Exercise: Since only part of the material below is wanted, output exactly the lines from the one with "apply Rnot_lt_le. intro" up to and including the one with "change (Rabs (h".

Provided data:
*** Block opens ***

Let defect m := sum_below (fun i => (-1) ^ i * (h (m - i) - a i * h (m - 1 - i) - 1)) m.

Lemma L_closed_form m : forall j,
  L j m = sum_below (fun i => (-1) ^ i * (h (m - i) - a (j + i) * h (m - 1 - i) - 1)) m.
Proof.
  induction m as [|m IHm]; intro j; [apply L_0|].
  rewrite L_S, IHm, sum_below_S_first.
  match goal with |- _ = _ + sum_below ?f m =>
    rewrite (sum_below_ext f (fun i => - ((-1) ^ i *
               (h (m - i) - a (S j + i) * h (m - 1 - i) - 1)))), sum_below_opp end.
  - simpl. rewrite !Nat.sub_0_r, Nat.add_0_r. ring.
  - intros i Hi. replace (j + S i)%nat with (S j + i)%nat by lia.
    replace (S m - S i)%nat with (m - i)%nat by lia.
    replace (S m - 1 - S i)%nat with (m - 1 - i)%nat by lia. simpl. ring.
Qed.

Lemma defect_0 m : defect m = 0.
Proof. rewrite <- (L_self m), L_closed_form. reflexivity. Qed.

Lemma convolution_defect n :
  sum_f_R0 (fun k => char_coef a k * h (S n - k)) (S n) = 1 + defect (S n) + defect n.
Proof.
  unfold defect. rewrite sum_f_R0_sum_below, !sum_below_S_first.
  match goal with |- _ + (_ + sum_below ?f n) = _ + (_ + sum_below ?g n) + sum_below ?k n =>
    rewrite (sum_below_ext f (fun i => g i + k i)), sum_below_plus end.
  - simpl. rewrite !Nat.sub_0_r. ring.
  - intros i Hi. simpl char_coef.
    replace (S n - S (S i))%nat with (n - 1 - i)%nat by lia.
    replace (S n - S i)%nat with (n - i)%nat by lia.
    replace (S n - 1 - S i)%nat with (n - 1 - i)%nat by lia. simpl. ring.
Qed.

Lemma convolution_identity n : sum_f_R0 (fun k => char_coef a k * h (n - k)) n = 1.
Proof.
  destruct n as [|n].
  - simpl. rewrite h_0. ring.
  - now rewrite convolution_defect, !defect_0, !Rplus_0_r.
Qed.

End ConvolutionIdentity.

Definition letter (d : word) (i : nat) : R := INR (d i).

Lemma nadm_convolution d n : alt_lyndon d ->
  sum_f_R0 (fun k => char_coef (letter d) k * INR (nadm d (n - k))) n = 1.
Proof.
  intro Hd. apply (convolution_identity (fun m => INR (nadm d m)) (letter d)
                   (fun j m => INR (nadm_lt d (shift d j) m))).
  - reflexivity.
  - reflexivity.
  - intros j m. rewrite (nadm_S d j m Hd), !plus_INR, mult_INR. unfold letter. simpl. lra.
  - intro m. now rewrite nadm_lt_self.
Qed.

Lemma ln_pos_gt_1 b : 0 < ln b -> 1 < b.
Proof.
  intro H. destruct (Rlt_le_dec 0 b) as [Hb|Hb].
  - rewrite <- (exp_ln b Hb), <- exp_0. apply exp_increasing. lra.
  - exfalso. unfold ln in H. destruct (Rlt_dec 0 b); lra.
Qed.

Lemma exp_INR_mul k c : exp (INR k * c) = exp c ^ k.
Proof.
  induction k; [now rewrite Rmult_0_l, exp_0|].
  rewrite S_INR, Rmult_plus_distr_r, Rmult_1_l, exp_plus, IHk. simpl. ring.
Qed.

Lemma inv_bounds_gt_1 b : 1 < b -> 0 < / b < 1.
Proof.
  intro Hb. split; [apply Rinv_0_lt_compat; lra|].
  rewrite <- Rinv_1. apply Rinv_lt_contravar; lra.
Qed.

Lemma one_sub_mul_pos b z : 0 < b -> 0 < z < / b -> 0 < 1 - b * z.
Proof.
  intros Hb [_ Hz]. apply (Rmult_lt_compat_l b) in Hz; [|lra].
  rewrite Rinv_r in Hz by lra. lra.
Qed.

Section ExponentialGrowth.

Variables (h : nat -> R) (b : R).
Hypothesis h_ge_1 : forall n, 1 <= h n.
Hypothesis h_rate : Un_cv (fun n => ln (h (S n)) / INR (S n)) (ln b).

Lemma submult_pow (h_submult : forall m n, h (m + n)%nat <= h m * h n) k n :
  h (S k * n)%nat <= h n ^ S k.
Proof.
  induction k.
  - simpl. rewrite Nat.add_0_r. lra.
  - replace (S (S k) * n)%nat with (n + S k * n)%nat by lia.
    eapply Rle_trans; [apply h_submult|]. simpl (h n ^ S (S k)).
    apply Rmult_le_compat_l; [specialize (h_ge_1 n); lra|]. apply IHk.
Qed.

(* Fekete: along the multiples of [n], [ln (h m) / m] stays below [ln (h n) / n]. *)
Lemma submult_rate_le (h_submult : forall m n, h (m + n)%nat <= h m * h n) n :
  (0 < n)%nat -> ln b <= ln (h n) / INR n.
Proof.
  intro Hn. destruct (Rle_dec (ln b) (ln (h n) / INR n)) as [H|H]; auto. exfalso.
  apply Rnot_le_lt in H. set (c := ln (h n) / INR n) in *.
  destruct (h_rate (ln b - c)) as [N HN]; [lra|].
  specialize (HN (S N * n - 1)%nat ltac:(nia)). unfold R_dist in HN.
  replace (S (S N * n - 1)) with (S N * n)%nat in HN by nia.
  assert (Hle : ln (h (S N * n)%nat) / INR (S N * n) <= c).
  { unfold c. rewrite mult_INR.
    assert (Hl : ln (h (S N * n)%nat) <= INR (S N) * ln (h n)).
    { rewrite <- ln_pow by (specialize (h_ge_1 n); lra). apply ln_le.
      - specialize (h_ge_1 (S N * n)%nat); lra.
      - now apply submult_pow. }
    assert (0 < INR (S N)) by (apply lt_0_INR; lia).
    assert (0 < INR n) by (apply lt_0_INR; lia).
    apply (Rmult_le_reg_r (INR (S N) * INR n)); [nra|].
    field_simplify; lra. }
  apply Rabs_def2 in HN. lra.
Qed.

Lemma submult_pow_le (h_submult : forall m n, h (m + n)%nat <= h m * h n) n :
  0 < b -> b ^ n <= h n.
Proof.
  intro Hb. destruct n as [|n]; [simpl; apply h_ge_1|].
  pose proof (submult_rate_le h_submult (S n) ltac:(lia)) as H.
  assert (0 < INR (S n)) by (apply lt_0_INR; lia).
  apply Rnot_lt_le. intro Hn. pose proof (h_ge_1 (S n)).
  apply ln_increasing in Hn; [|lra]. rewrite ln_pow in Hn by lra.
  apply (Rmult_le_compat_r (INR (S n))) in H; [|lra].
  unfold Rdiv in H. rewrite Rmult_assoc, Rinv_l in H by lra. lra.
Qed.

Lemma ex_series_rate z : 0 < b -> 0 < z < / b -> ex_series (fun n => h n * z ^ n).
Proof.
  intros Hb Hz. pose proof (one_sub_mul_pos b z Hb Hz). destruct Hz as [Hz _].
  assert (Hl : ln (z * b) < 0) by (rewrite <- ln_1; apply ln_increasing; nra).
  set (eps := - ln (z * b) / 2).
  destruct (h_rate eps) as [N HN]; [unfold eps; lra|].
  set (rho := exp (ln (z * b) + eps)).
  assert (Hrho : 0 < rho < 1).
  { unfold rho. split; [apply exp_pos|]. rewrite <- exp_0. apply exp_increasing. unfold eps. lra. }
  apply (ex_series_incr_n _ (S N)).
  apply (ex_series_le (V := R_CompleteNormedModule) _ (fun k => rho ^ (S N + k))).
  - intro k. set (n := (N + k)%nat). replace (S N + k)%nat with (S n) by (unfold n; lia).
    specialize (HN n ltac:(unfold n; lia)). unfold R_dist in HN. apply Rabs_def2 in HN as [HN _].
    assert (0 < INR (S n)) by (apply lt_0_INR; lia).
    assert (Hln : ln (h (S n)) < INR (S n) * (ln b + eps)).
    { apply (Rmult_lt_compat_r (INR (S n))) in HN; [|lra].
      replace (ln (h (S n))) with (ln (h (S n)) / INR (S n) * INR (S n)) by (field; lra). nra. }
    assert (Hhp : 0 < h (S n)) by (specialize (h_ge_1 (S n)); lra).
    change (Rabs (h (S n) * z ^ S n) <= rho ^ S n).
    rewrite Rabs_pos_eq by (apply Rmult_le_pos; [lra|apply pow_le; lra]).
    rewrite <- (exp_ln (h (S n))), <- (exp_ln z), <- exp_INR_mul, <- exp_plus by auto.
    unfold rho. rewrite <- exp_INR_mul, ln_mult by lra. apply Rlt_le, exp_increasing. nra.
  - apply (ex_series_incr_n (fun k => rho ^ k) (S N)), ex_series_geom.
    rewrite Rabs_pos_eq; lra.
Qed.

End ExponentialGrowth.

*** Block closes ***

Finished exercise:
  apply Rnot_lt_le. intro Hn. pose proof (h_ge_1 (S n)).
  apply ln_increasing in Hn; [|lra]. rewrite ln_pow in Hn by lra.
  apply (Rmult_le_compat_r (INR (S n))) in H; [|lra].
  unfold Rdiv in H. rewrite Rmult_assoc, Rinv_l in H by lra. lra.
Qed.

Lemma ex_series_rate z : 0 < b -> 0 < z < / b -> ex_series (fun n => h n * z ^ n).
Proof.
  intros Hb Hz. pose proof (one_sub_mul_pos b z Hb Hz). destruct Hz as [Hz _].
  assert (Hl : ln (z * b) < 0) by (rewrite <- ln_1; apply ln_increasing; nra).
  set (eps := - ln (z * b) / 2).
  destruct (h_rate eps) as [N HN]; [unfold eps; lra|].
  set (rho := exp (ln (z * b) + eps)).
  assert (Hrho : 0 < rho < 1).
  { unfold rho. split; [apply exp_pos|]. rewrite <- exp_0. apply exp_increasing. unfold eps. lra. }
  apply (ex_series_incr_n _ (S N)).
  apply (ex_series_le (V := R_CompleteNormedModule) _ (fun k => rho ^ (S N + k))).
  - intro k. set (n := (N + k)%nat). replace (S N + k)%nat with (S n) by (unfold n; lia).
    specialize (HN n ltac:(unfold n; lia)). unfold R_dist in HN. apply Rabs_def2 in HN as [HN _].
    assert (0 < INR (S n)) by (apply lt_0_INR; lia).
    assert (Hln : ln (h (S n)) < INR (S n) * (ln b + eps)).
    { apply (Rmult_lt_compat_r (INR (S n))) in HN; [|lra].
      replace (ln (h (S n))) with (ln (h (S n)) / INR (S n) * INR (S n)) by (field; lra). nra. }
    assert (Hhp : 0 < h (S n)) by (specialize (h_ge_1 (S n)); lra).
    change (Rabs (h (S n) * z ^ S n) <= rho ^ S n).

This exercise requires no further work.